*** Block opens ***
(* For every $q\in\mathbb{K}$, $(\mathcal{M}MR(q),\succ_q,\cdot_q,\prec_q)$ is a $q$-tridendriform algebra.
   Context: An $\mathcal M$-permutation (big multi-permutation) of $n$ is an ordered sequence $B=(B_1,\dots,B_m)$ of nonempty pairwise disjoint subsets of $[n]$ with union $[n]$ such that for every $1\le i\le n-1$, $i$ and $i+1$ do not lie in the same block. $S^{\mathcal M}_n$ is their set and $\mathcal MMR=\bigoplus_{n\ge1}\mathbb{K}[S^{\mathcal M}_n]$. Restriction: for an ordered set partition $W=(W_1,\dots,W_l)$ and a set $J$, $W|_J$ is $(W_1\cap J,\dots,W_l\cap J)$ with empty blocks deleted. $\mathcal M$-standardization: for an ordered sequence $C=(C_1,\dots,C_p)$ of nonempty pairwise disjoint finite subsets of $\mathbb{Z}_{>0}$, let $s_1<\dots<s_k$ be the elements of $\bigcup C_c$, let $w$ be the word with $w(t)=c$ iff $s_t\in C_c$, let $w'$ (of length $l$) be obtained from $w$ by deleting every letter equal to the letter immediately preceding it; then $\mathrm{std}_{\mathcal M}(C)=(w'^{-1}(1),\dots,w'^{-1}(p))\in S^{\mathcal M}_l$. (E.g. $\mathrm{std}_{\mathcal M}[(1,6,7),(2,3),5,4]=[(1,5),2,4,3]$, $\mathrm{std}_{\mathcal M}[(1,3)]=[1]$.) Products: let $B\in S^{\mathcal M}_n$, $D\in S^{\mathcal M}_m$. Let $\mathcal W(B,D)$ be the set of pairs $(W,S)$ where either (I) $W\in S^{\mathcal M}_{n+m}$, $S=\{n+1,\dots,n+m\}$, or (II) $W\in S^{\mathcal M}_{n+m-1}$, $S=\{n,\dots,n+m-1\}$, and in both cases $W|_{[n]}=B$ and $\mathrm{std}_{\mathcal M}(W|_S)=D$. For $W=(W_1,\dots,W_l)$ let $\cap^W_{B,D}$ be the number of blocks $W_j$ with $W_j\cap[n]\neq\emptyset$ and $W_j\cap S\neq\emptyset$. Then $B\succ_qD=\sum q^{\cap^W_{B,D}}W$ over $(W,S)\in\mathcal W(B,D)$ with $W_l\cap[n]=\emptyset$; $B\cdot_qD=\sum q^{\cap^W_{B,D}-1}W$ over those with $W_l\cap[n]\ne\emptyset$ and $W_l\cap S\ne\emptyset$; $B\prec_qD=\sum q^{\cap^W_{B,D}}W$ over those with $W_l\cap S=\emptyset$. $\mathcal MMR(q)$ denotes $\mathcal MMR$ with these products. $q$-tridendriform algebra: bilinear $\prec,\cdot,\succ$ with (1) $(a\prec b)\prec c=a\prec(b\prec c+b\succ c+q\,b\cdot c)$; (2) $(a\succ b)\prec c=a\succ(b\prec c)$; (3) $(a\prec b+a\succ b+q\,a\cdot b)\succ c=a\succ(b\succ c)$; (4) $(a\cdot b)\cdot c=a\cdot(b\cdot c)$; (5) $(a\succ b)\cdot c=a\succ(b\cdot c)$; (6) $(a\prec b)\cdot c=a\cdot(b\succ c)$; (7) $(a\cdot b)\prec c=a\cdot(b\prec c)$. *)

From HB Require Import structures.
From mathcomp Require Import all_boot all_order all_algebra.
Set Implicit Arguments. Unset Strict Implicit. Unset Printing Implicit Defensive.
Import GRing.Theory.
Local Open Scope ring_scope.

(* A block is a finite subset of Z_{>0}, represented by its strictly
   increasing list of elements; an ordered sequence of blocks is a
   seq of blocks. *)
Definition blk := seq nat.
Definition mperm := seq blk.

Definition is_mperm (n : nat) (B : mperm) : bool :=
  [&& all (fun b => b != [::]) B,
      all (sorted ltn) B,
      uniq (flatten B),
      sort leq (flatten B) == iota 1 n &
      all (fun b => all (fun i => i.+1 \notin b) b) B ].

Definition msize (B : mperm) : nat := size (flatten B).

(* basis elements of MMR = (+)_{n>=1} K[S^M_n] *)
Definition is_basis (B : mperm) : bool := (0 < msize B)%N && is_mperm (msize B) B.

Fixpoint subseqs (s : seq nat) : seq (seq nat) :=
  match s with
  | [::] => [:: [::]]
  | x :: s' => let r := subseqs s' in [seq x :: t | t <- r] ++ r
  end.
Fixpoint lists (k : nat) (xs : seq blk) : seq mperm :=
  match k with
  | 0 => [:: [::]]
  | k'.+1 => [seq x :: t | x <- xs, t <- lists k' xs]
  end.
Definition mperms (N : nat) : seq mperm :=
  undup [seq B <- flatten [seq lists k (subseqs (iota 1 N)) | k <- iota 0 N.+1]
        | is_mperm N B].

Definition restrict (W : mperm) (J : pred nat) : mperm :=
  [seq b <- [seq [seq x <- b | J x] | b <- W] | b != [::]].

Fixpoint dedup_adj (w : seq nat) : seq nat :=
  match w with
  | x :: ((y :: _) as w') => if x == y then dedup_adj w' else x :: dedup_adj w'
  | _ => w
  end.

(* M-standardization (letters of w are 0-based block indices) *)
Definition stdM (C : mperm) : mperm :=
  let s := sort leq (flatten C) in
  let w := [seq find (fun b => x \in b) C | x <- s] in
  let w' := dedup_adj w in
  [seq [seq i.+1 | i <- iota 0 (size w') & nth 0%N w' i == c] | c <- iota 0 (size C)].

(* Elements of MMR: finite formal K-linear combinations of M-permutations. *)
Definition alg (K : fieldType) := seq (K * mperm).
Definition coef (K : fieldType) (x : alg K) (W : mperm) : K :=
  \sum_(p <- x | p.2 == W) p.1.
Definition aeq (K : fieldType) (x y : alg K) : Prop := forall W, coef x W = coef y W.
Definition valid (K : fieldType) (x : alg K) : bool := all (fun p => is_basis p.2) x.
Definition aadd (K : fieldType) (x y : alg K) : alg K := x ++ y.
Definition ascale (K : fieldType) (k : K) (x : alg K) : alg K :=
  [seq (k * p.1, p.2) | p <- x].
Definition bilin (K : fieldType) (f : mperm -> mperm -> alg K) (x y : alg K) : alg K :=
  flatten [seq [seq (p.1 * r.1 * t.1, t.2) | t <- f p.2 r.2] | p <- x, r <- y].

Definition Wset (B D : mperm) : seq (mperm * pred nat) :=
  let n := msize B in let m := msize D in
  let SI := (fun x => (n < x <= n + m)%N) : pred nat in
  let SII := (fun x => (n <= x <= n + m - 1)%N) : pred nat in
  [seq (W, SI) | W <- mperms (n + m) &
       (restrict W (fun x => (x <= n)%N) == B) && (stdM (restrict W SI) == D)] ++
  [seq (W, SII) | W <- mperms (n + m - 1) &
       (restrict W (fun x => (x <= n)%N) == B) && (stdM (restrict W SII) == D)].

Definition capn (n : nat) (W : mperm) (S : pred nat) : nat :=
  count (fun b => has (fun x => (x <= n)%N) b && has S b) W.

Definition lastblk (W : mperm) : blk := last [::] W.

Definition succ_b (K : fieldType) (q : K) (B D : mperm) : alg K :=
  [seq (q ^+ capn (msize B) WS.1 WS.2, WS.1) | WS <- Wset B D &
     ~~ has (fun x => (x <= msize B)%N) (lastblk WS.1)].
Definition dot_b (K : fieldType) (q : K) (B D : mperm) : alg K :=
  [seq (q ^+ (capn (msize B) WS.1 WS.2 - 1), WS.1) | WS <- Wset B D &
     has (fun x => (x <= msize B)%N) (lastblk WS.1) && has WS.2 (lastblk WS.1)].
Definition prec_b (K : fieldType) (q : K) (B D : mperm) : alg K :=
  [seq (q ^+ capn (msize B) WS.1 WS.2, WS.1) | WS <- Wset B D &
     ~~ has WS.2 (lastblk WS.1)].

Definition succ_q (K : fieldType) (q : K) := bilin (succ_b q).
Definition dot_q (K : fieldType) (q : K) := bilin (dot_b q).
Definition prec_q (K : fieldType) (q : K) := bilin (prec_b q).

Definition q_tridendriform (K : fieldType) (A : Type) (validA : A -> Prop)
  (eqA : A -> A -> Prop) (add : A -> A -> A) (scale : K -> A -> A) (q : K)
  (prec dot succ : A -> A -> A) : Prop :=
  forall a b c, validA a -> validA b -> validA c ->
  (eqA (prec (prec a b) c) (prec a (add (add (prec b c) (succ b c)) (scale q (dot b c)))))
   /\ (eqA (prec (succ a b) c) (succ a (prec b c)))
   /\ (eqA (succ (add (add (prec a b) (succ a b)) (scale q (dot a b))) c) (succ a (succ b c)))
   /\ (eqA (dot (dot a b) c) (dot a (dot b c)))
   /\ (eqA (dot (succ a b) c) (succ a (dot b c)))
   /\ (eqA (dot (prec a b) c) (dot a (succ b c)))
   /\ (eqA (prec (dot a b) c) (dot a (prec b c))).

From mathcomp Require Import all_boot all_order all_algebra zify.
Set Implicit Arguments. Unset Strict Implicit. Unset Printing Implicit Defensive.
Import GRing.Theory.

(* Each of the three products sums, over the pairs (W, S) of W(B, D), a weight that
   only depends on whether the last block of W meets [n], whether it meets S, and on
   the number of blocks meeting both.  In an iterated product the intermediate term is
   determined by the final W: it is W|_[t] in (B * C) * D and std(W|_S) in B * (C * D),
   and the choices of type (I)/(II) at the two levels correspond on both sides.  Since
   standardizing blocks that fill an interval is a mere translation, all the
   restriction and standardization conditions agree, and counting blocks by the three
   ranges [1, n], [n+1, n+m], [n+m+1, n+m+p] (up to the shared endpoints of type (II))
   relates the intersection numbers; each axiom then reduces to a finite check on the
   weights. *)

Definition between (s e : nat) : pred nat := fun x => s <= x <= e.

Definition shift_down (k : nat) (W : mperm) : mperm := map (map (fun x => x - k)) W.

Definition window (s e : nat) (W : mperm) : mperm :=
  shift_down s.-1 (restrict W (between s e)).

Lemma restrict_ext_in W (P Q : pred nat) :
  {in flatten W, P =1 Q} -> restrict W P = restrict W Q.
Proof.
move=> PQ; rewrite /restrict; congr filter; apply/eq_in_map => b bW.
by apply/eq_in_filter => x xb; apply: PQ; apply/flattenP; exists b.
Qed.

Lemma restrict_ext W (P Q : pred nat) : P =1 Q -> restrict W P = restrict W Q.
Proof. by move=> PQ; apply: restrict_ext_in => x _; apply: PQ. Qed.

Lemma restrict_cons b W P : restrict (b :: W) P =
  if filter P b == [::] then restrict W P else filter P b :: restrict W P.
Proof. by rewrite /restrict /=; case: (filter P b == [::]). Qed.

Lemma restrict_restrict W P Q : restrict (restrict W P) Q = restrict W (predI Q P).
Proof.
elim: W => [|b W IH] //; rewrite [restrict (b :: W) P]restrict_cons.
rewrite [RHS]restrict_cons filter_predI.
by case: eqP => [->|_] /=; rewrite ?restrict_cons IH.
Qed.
*** Block closes ***
*** Block opens ***
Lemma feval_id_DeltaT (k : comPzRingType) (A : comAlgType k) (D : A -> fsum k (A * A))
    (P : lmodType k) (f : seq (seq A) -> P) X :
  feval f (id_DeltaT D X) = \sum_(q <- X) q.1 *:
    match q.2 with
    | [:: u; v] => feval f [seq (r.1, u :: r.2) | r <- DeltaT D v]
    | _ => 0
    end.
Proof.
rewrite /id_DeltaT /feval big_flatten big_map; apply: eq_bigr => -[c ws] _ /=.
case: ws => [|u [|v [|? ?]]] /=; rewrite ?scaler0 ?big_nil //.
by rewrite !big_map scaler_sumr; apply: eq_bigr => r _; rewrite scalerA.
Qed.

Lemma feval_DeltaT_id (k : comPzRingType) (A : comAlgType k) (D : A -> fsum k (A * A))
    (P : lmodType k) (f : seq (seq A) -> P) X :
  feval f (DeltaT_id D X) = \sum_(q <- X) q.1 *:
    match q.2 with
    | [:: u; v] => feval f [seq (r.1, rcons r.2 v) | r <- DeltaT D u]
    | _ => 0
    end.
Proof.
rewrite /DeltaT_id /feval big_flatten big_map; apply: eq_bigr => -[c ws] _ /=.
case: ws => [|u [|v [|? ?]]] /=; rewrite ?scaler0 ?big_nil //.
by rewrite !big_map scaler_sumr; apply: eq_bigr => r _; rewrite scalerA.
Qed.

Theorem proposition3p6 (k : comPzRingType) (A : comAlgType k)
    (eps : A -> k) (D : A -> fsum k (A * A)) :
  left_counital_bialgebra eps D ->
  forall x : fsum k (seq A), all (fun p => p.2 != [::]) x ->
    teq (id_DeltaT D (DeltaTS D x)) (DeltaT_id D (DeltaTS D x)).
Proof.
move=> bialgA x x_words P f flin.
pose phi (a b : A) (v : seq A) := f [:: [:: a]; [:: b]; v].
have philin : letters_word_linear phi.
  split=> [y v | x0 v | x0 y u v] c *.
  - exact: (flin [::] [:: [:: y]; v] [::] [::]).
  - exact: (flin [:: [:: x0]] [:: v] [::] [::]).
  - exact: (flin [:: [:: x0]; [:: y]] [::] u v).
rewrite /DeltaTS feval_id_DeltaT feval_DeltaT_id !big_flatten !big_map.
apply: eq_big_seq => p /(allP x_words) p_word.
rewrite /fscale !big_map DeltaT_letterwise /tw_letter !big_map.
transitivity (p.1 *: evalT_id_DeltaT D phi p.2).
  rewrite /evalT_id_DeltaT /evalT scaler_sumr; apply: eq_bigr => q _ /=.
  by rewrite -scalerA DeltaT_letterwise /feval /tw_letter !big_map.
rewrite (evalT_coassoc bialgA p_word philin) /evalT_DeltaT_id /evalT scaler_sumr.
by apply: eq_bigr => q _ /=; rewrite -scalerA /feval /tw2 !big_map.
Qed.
*** Block closes ***
- **PROBLEM REQUIREMENTS**:
Find and copy each line of the data where "capn" is present.

- **ANSWER TO THIS PROBLEM**:
Definition capn (n : nat) (W : mperm) (S : pred nat) : nat :=
  [seq (q ^+ capn (msize B) WS.1 WS.2, WS.1) | WS <- Wset B D &
  [seq (q ^+ (capn (msize B) WS.1 WS.2 - 1), WS.1) | WS <- Wset B D &
  [seq (q ^+ capn (msize B) WS.1 WS.2, WS.1) | WS <- Wset B D &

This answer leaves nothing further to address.